Always let your guests know what food will be available - you don't want them arriving with an empty stomach when the only thing you'll have prepared is nibbles.
Serving the wine
- As a general rule, most wines (apart from a fine, top-notch red) don’t need to be opened early to let the wine breathe.
- Fill the wine glass to just below the halfway point to ensure there's room to swirl the wine and let the aromas develop before tasting.
- If you're stuck on an order for the wine, a good option is price points. Start with the cheapest wine and go through to the most expensive.
Tasting the wine
Now the fun bit we’ve all been waiting for. After swirling and sniffing, take a good-sized sip and think about the taste, flavours and texture. Does the white have a vibrant freshness? Which flavours are highlighted in the red? Keep the four key wine descriptors in mind if you're new to wine tasting.
Acidity. This refers to the fresh, tart, and sour attributes of the wine. Fundamentally speaking, all wines lie on the acidic side of the pH spectrum, and most range from 2.5 to about 4.5 pH (7 is neutral). A higher acid wine will taste crisper and more tart on the palate, a lower acid wine will feel smoother and rounder on the palate.
Sweetness. We probably all know how to interpret sweetness. The opposite of sweet in wine tasting is dry, but wines can also be medium-dry or off-dry. Wines are considered dry if they have below 1 per cent sweetness, wines above 5 per cent sweetness are noticeably sweet and dessert wines start at around 7 per cent sweetness.
Tannin.
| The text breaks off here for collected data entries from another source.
(* Let $f:E\to\mathbb{R}$ be either convex or continuously differentiable (possibly non-convex), and let $\varepsilon>0$. Then the iterates of Algorithm UAGMsDR with accuracy $\varepsilon$ satisfy, for every $k\ge0$, $$A_kf(x^k)\le\min_{x\in E}\psi_k(x)+\frac{A_k\varepsilon}{2}=\psi_k(v^k)+\frac{A_k\varepsilon}{2},$$ and $$A_k\ge\sup_{\nu\in[0,1]:\,M_\nu<\infty}\ c_\nu\,\frac{k^{\frac{1+3\nu}{1+\nu}}\,\varepsilon^{\frac{1-\nu}{1+\nu}}}{2^{\frac{1+3\nu}{1+\nu}}\,M_\nu^{\frac{2}{1+\nu}}},\qquad c_\nu=\left[\frac{1+\nu}{1-\nu}\right]^{\frac{1-\nu}{1+\nu}}\ (\nu<1),\ c_1=1.$$
   Context: $E$ is a finite-dimensional real vector space with a norm $\|\cdot\|$; $E^*$ is its dual, $\langle g,x\rangle$ denotes the value of $g\in E^*$ at $x\in E$, and $\|g\|_*=\max\{\langle g,x\rangle:\|x\|\le 1\}$. For $g\in E^*$, $g^{\#}$ denotes a (fixed) element $s\in E$ with $\|s\|\le 1$ and $\langle g,s\rangle=\|g\|_*$. A prox-function $d:E\to\mathbb{R}$ is continuously differentiable, convex, $1$-strongly convex with respect to $\|\cdot\|$ and satisfies $\min_E d=0$; its Bregman divergence is $V(x,z)=d(x)-d(z)-\langle\nabla d(z),x-z\rangle$. $\nabla f(x)$ denotes the gradient of $f$ if $f$ is differentiable and otherwise a subgradient of the convex function $f$ (as selected by the algorithm). For $\nu\in[0,1]$, $M_\nu\in(0,+\infty]$ denotes the smallest constant such that $\|\nabla f(x)-\nabla f(y)\|_*\le M_\nu\|x-y\|^\nu$ for all $x,y\in E$ (Hölder continuity of the (sub)gradient; $M_\nu=+\infty$ if no such constant exists). Algorithm UAGMsDR (input $x^0\in E$, accuracy $\varepsilon>0$): set $A_0=0$, $v^0=x^0$, $\psi_0(x)=V(x,x^0)$. For $k=0,1,2,\dots$: 1. Choose $\beta_k\in\arg\min_{\beta\in[0,1]}f(v^k+\beta(x^k-v^k))$, set $y^k=v^k+\beta_k(x^k-v^k)$, and choose $\nabla f(y^k)$ (the gradient, or a subgradient in the convex nonsmooth case) such that $\langle\nabla f(y^k),v^k-y^k\rangle\ge0$ (such a choice exists by optimality of $\beta_k$). 2. $h_{k+1}\in\arg\min_{h\ge0}f(y^k-h(\nabla f(y^k))^{\#})$, $x^{k+1}=y^k-h_{k+1}(\nabla f(y^k))^{\#}$; $a_{k+1}$ is the largest solution of $f(y^k)-\frac{a_{k+1}^2}{2(A_k+a_{k+1})}\|\nabla f(y^k)\|_*^2+\frac{\varepsilon a_{k+1}}{2(A_k+a_{k+1})}=f(x^{k+1})$. 3. $A_{k+1}=A_k+a_{k+1}$; $\psi_{k+1}(x)=\psi_k(x)+a_{k+1}\{f(y^k)+\langle\nabla f(y^k),x-y^k\rangle\}$; $v^{k+1}=\arg\min_{x\in E}\psi_{k+1}(x)$. All minima are assumed attained, and $\nabla f(y^k)\ne0$ for all iterations considered. *)

(* classical reals. E is modelled as R^n = (Fin.t n -> R),
   E* is identified with R^n via the standard pairing. *)
From Stdlib Require Import Reals Lra Classical ClassicalEpsilon FunctionalExtensionality.
From Stdlib Require Vectors.Fin.
Open Scope R_scope.
(* Let $t,t'\in B_n$ with $t\neq t'$ and let $G$ be a digraph such that $\mathbb{A}(G)$ satisfies $t\approx t'$. Then $E_G\le L_{t,t'}+1$.
   Context: Digraphs $G=(V,E)$ have $E\subseteq V\times V$, loops allowed, possibly infinite. $\mathbb{A}(G)$ is the groupoid on $V\cup\{\infty\}$ with $xy=x$ if $x,y\in V$, $(x,y)\in E$, and $xy=\infty$ otherwise. $B_n$: binary terms with $x_1,\dots,x_n$ each occurring once in this order; $G(t)$: rooted tree defined by $G(x_i)$ a single vertex and $G(t_1t_2)=G(t_1)\cup G(t_2)$ plus an edge from the leftmost variable of $t_1$ to that of $t_2$; root $x_1$. With $T=G(t)$, $T'=G(t')$ and depth $d_T$: $L_{t,t'}$ is the largest integer $m$ such that for all $x$, if $d_T(x)\le m$ or $d_{T'}(x)\le m$ then $d_T(x)=d_{T'}(x)$. A strongly connected component (SCC) is trivial if it is a single vertex without a loop, nontrivial otherwise. A path $v_0\to\dots\to v_\ell$ is an entryway to a nontrivial SCC $K$ if $v_0,\dots,v_{\ell-1}$ lie in trivial SCCs and $v_\ell\in K$. $E_G$ is the maximal length of an entryway ($\infty$ if unbounded, $-\infty$ if none). *)

From mathcomp Require Import all_boot.
Set Implicit Arguments. Unset Strict Implicit. Unset Printing Implicit Defensive.

Inductive term : Type := Var of nat | App of term & term.

Fixpoint leaves (t : term) : seq nat :=
  match t with Var i => [:: i] | App t1 t2 => leaves t1 ++ leaves t2 end.

Definition inB (n : nat) (t : term) : Prop := leaves t = iota 1 n.

Fixpoint leftmost (t : term) : nat :=
  match t with Var i => i | App t1 _ => leftmost t1 end.

Fixpoint tedges (t : term) : seq (nat * nat) :=
  match t with
  | Var _ => [::]
  | App t1 t2 => (leftmost t1, leftmost t2) :: tedges t1 ++ tedges t2
  end.

Definition tdepth (t : term) (x k : nat) : Prop :=
  exists p : seq nat,
    [/\ path (fun u v => (u, v) \in tedges t) (leftmost t) p,
        last (leftmost t) p = x & size p = k].

Definition Lprop (n : nat) (t t' : term) (m : nat) : Prop :=
  forall x, x \in iota 1 n -> forall k k', tdepth t x k -> tdepth t' x k' ->
    (k <= m \/ k' <= m) -> k = k'.

Definition is_L (n : nat) (t t' : term) (m : nat) : Prop :=
  Lprop n t t' m /\ forall m', Lprop n t t' m' -> m' <= m.

(* The groupoid A(G) on option V (None = infinity). *)
Definition Aop (V : Type) (E : V -> V -> bool) (x y : option V) : option V :=
  match x, y with
  | Some u, Some v => if E u v then Some u else None
  | _, _ => None
  end.

Fixpoint eval (V : Type) (E : V -> V -> bool) (a : nat -> option V) (t : term)
  : option V :=
  match t with
  | Var i => a i
  | App t1 t2 => Aop E (eval E a t1) (eval E a t2)
  end.

Definition satisfies (V : Type) (E : V -> V -> bool) (t t' : term) : Prop :=
  forall a : nat -> option V, eval E a t = eval E a t'.

Inductive reach (V : Type) (E : V -> V -> bool) : V -> V -> Prop :=
  | reach_refl v : reach E v v
  | reach_step u v w : E u v -> reach E v w -> reach E u w.

Definition sconn (V : Type) (E : V -> V -> bool) (u v : V) : Prop :=
  reach E u v /\ reach E v u.

Definition in_trivial_scc (V : Type) (E : V -> V -> bool) (v : V) : Prop :=
  (forall w, sconn E v w -> w = v) /\ ~~ E v v.

(* v0 -> ... -> v_l (given as vs 0, ..., vs l) is an entryway of length l
   to a nontrivial SCC (the SCC of v_l). *)
Definition entryway (V : Type) (E : V -> V -> bool) (vs : nat -> V) (l : nat)
  : Prop :=
  [/\ forall i, i < l -> E (vs i) (vs i.+1),
      forall i, i < l -> in_trivial_scc E (vs i)
    & ~ in_trivial_scc E (vs l)].

From mathcomp Require Import all_boot zify.
From Stdlib Require Import ClassicalEpsilon.
Set Implicit Arguments. Unset Strict Implicit. Unset Printing Implicit Defensive.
High tannin wines are astringent, maybe even bitter. Wines with lower tannin levels are smooth and soft (arguably more 'drinkable').
Body. The 'weight' and viscosity of the wine, how it feels in the mouth, the sense of alcohol in the wine. A full-bodied wine feels heavy and coats the side of the glass when you swirl. Light-bodied wine has a closer consistency to water. Medium-bodied is in-between.
Great wines will have complex flavours but at the end of the day, it’s all a matter of taste, having fun and how much you enjoy the wine.
Do you remember the first glass (or box) of wine that you really enjoyed? Do you have a go-to grape or vineyard?